Saved entries ::
_ _ _ _

Inductive step : rule -> nat -> expr -> expr -> Prop :=
| SEConst n k rho : step REnv n (EClo (EConst k) rho) (EConst k)
| SERec n fs rho : step REnv n (EClo (ERec fs) rho) (ERec (clo_fields fs rho))
| SEVar n x rho : step REnv (S n) (EClo (EVar x) rho) (EVar x)
| SEFun n x e rho : step REnv (S n) (EClo (EFun x e) rho) (EFun x (EClo e rho))
| SEApp n e1 e2 rho :
    step REnv n (EClo (EApp e1 e2) rho) (EApp (EClo e1 rho) (EClo e2 rho))
| SEBox n e rho : step REnv n (EClo (EBox e) rho) (EBox (EClo e rho))
| SEUnbox n e rho : step REnv n (EClo (EUnbox e) rho) (EUnbox (EClo e rho))
| SERun0 e rho : step REnv 0 (EClo (ERun e) rho) (ERunIn (EClo e rho) rho)
| SERunS n e rho : step REnv (S n) (EClo (ERun e) rho) (ERun (EClo e rho))
| SEIf n e1 e2 e3 rho :
    step REnv n (EClo (EIf e1 e2 e3) rho)
      (EIf (EClo e1 rho) (EClo e2 rho) (EClo e3 rho))
| SERead n e1 e2 rho :
    step REnv n (EClo (ERead e1 e2) rho) (ERead (EClo e1 rho) (EClo e2 rho))
| SEWrite n e1 e2 e3 rho :
    step REnv n (EClo (EWrite e1 e2 e3) rho)
      (EWrite (EClo e1 rho) (EClo e2 rho) (EClo e3 rho))
| SEDel n e1 e2 rho :
    step REnv n (EClo (EDel e1 e2) rho) (EDel (EClo e1 rho) (EClo e2 rho))
| SEMark n m e rho : step REnv n (EClo (EMark m e) rho) (EMark m (EClo e rho))
| SEHole n rho : step REnv n (EClo EHole rho) EHole
| SLookup x rho v : lookup rho x = Some v -> step RLookup 0 (EClo (EVar x) rho) v
| SApply x e rho v : val 0 v ->
    step RApply 0 (EApp (EClo (EFun x e) rho) v) (EClo e (update rho x v))
| SUnbox v : val 1 v -> step RUnbox 1 (EUnbox (EBox v)) v
| SRun v rho : val 1 v -> step RRun 0 (ERunIn (EBox v) rho) (EClo v rho)
| SIfTrue e1 e2 : step RIfTrue 0 (EIf (EConst CTrue) e1 e2) e1
| SIfFalse e1 e2 : step RIfFalse 0 (EIf (EConst CFalse) e1 e2) e2
| SRead1 fs1 s v fs2 : val 0 (ERec (fs1 ++ (s, v) :: fs2)) ->
    step RRead1 0 (ERead (ERec (fs1 ++ (s, v) :: fs2)) (sel s)) v
| SRead2 fs1 fs' fs2 sx : val 0 (ERec (fs1 ++ (pi, ERec fs') :: fs2)) ->
    ~ In sx (map fst fs1 ++ map fst fs2) ->
    step RRead2 0 (ERead (ERec (fs1 ++ (pi, ERec fs') :: fs2)) (sel sx))
      (ERead (ERec fs') (sel sx))
| SRead3 fs1 fs2 sx : val 0 (ERec (fs1 ++ (pi, EConst CNull) :: fs2)) ->
    ~ In sx (map fst fs1 ++ map fst fs2) ->
    step RRead3 0 (ERead (ERec (fs1 ++ (pi, EConst CNull) :: fs2)) (sel sx))
      (EConst CUndef)
| SWrite1 fs1 s v fs2 v' : val 0 (ERec (fs1 ++ (s, v) :: fs2)) -> val 0 v' ->
    step RWrite1 0 (EWrite (ERec (fs1 ++ (s, v) :: fs2)) (sel s) v')
      (ERec (fs1 ++ (s, v') :: fs2))
| SWrite2 fs sx vx : val 0 (ERec fs) -> val 0 vx -> ~ In sx (map fst fs) ->
    step RWrite2 0 (EWrite (ERec fs) (sel sx) vx) (ERec (fs ++ [(sx, vx)]))
| SDel1 fs1 s v fs2 : val 0 (ERec (fs1 ++ (s, v) :: fs2)) ->
    step RDel1 0 (EDel (ERec (fs1 ++ (s, v) :: fs2)) (sel s)) (ERec (fs1 ++ fs2))
| SDel2 fs sx : val 0 (ERec fs) -> ~ In sx (map fst fs) ->
    step RDel2 0 (EDel (ERec fs) (sel sx)) (ERec fs)
| SLiftApp m e rho v : val 0 v ->
    step (RLift LiftApp m) 0 (EApp (EClo (EMark m e) rho) v)
      (EMark m (EApp (EClo e rho) v))
| SLiftIf m v e1 e2 : val 0 v ->
    step (RLift LiftIf m) 0 (EIf (EMark m v) e1 e2) (EMark m (EIf v e1 e2))
| SLiftUnbox m v : val 0 v ->
    step (RLift LiftUnbox m) 1 (EUnbox (EMark m v)) (EMark m (EUnbox v))
| SLiftRunIn m v rho : val 0 v ->
    step (RLift LiftRunIn m) 0 (ERunIn (EMark m v) rho) (EMark m (ERunIn v rho))
| SLiftReadSel m v1 v2 : val 0 v1 -> val 0 v2 ->
    step (RLift LiftReadSel m) 0 (ERead v1 (EMark m v2)) (EMark m (ERead v1 v2))
| SLiftReadRec m v1 v2 : val 0 v1 -> val 0 v2 ->
    step (RLift LiftReadRec m) 0 (ERead (EMark m v1) v2) (EMark m (ERead v1 v2))
| SLiftWriteSel m v1 v2 v3 : val 0 v1 -> val 0 v2 -> val 0 v3 ->
    step (RLift LiftWriteSel m) 0 (EWrite v1 (EMark m v2) v3)
      (EMark m (EWrite v1 v2 v3))
| SLiftWriteRec m v1 v2 v3 : val 0 v1 -> val 0 v2 -> val 0 v3 ->
    step (RLift LiftWriteRec m) 0 (EWrite (EMark m v1) v2 v3)
      (EMark m (EWrite v1 v2 v3))
| SLiftDelSel m v1 v2 : val 0 v1 -> val 0 v2 ->
    step (RLift LiftDelSel m) 0 (EDel v1 (EMark m v2)) (EMark m (EDel v1 v2))
| SLiftDelRec m v1 v2 : val 0 v1 -> val 0 v2 ->
    step (RLift LiftDelRec m) 0 (EDel (EMark m v1) v2) (EMark m (EDel v1 v2)).
(* If $E$ and $F$ are non-degenerated $C$-pseudo-cones with $E=z_1+\mathbb{A}_1$ and $F=z_2+\mathbb{A}_2$ ($z_i\in C$, $\mathbb{A}_i$ $C$-asymptotic sets), then $E+F=(z_1+z_2)+(\mathbb{A}_1+\mathbb{A}_2)$ is a non-degenerated $C$-pseudo-cone with $C$-starting point $z_1+z_2$.
   Context: $C\subset\mathbb{R}^n$ ($n\ge2$) is a pointed closed convex cone with nonempty interior. A $C$-pseudo-cone is a nonempty closed convex set $E$ with $o\notin E$, $\lambda x\in E$ for all $x\in E,\lambda\ge1$, and recession cone equal to $C$. A $C$-asymptotic set is an unbounded closed convex set $\mathbb{A}\subset C$ with nonempty interior and $o\notin\mathbb{A}$ such that $\lim_{x\in\partial\mathbb{A},|x|\to\infty}d(x,\partial C)=0$. A non-degenerated $C$-pseudo-cone is a $C$-pseudo-cone $E$ that can be written as $E=z+\mathbb{A}$ with $z\in C$ and $\mathbb{A}$ a $C$-asymptotic set (this decomposition is unique); $z$ is called its $C$-starting point. *)

From HB Require Import structures.
From mathcomp Require Import all_boot all_order all_algebra.
From mathcomp Require Import all_classical all_reals all_analysis.
Set Implicit Arguments. Unset Strict Implicit. Unset Printing Implicit Defensive.
Import Order.TTheory GRing.Theory Num.Theory.
Import numFieldNormedType.Exports.
Local Open Scope classical_set_scope.
Local Open Scope ring_scope.

Section Defs.
Variables (R : realType) (n : nat).
Notation V := 'rV[R]_n.

Definition enorm (x : V) : R := Num.sqrt (\sum_(i < n) x ord0 i ^+ 2).

Definition pc_edist (x : V) (S : set V) : R := inf [set enorm (x - y) | y in S].

Definition mink_sum (A B : set V) : set V :=
  [set z | exists x y, A x /\ B y /\ z = x + y].
Definition translate (z : V) (A : set V) : set V := [set z + a | a in A].

Definition pc_convex (A : set V) : Prop :=
  forall x y t, A x -> A y -> 0 <= t -> t <= 1 -> A (t *: x + (1 - t) *: y).

Definition closed_convex_cone (C : set V) : Prop :=
  closed C /\ C 0 /\ (forall x y, C x -> C y -> C (x + y)) /\
  (forall x (l : R), C x -> 0 <= l -> C (l *: x)).

Definition pointed (C : set V) : Prop :=
  forall x, C x -> C (- x) -> x = 0.

Definition good_cone (C : set V) : Prop :=
  closed_convex_cone C /\ pointed C /\ interior C !=set0.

_ _ _ _

WORK TO BE COMPLETED ::
The range runs from the line above containing "[set z | exists" to the line containing "Definition pointed (C", inclusive. Restate those lines word for word and no others.

ANSWER SECTION ::
  [set z | exists x y, A x /\ B y /\ z = x + y].
Definition translate (z : V) (A : set V) : set V := [set z + a | a in A].

Definition pc_convex (A : set V) : Prop :=
  forall x y t, A x -> A y -> 0 <= t -> t <= 1 -> A (t *: x + (1 - t) *: y).

Definition closed_convex_cone (C : set V) : Prop :=
  closed C /\ C 0 /\ (forall x y, C x -> C y -> C (x + y)) /\
  (forall x (l : R), C x -> 0 <= l -> C (l *: x)).

Definition pointed (C : set V) : Prop :=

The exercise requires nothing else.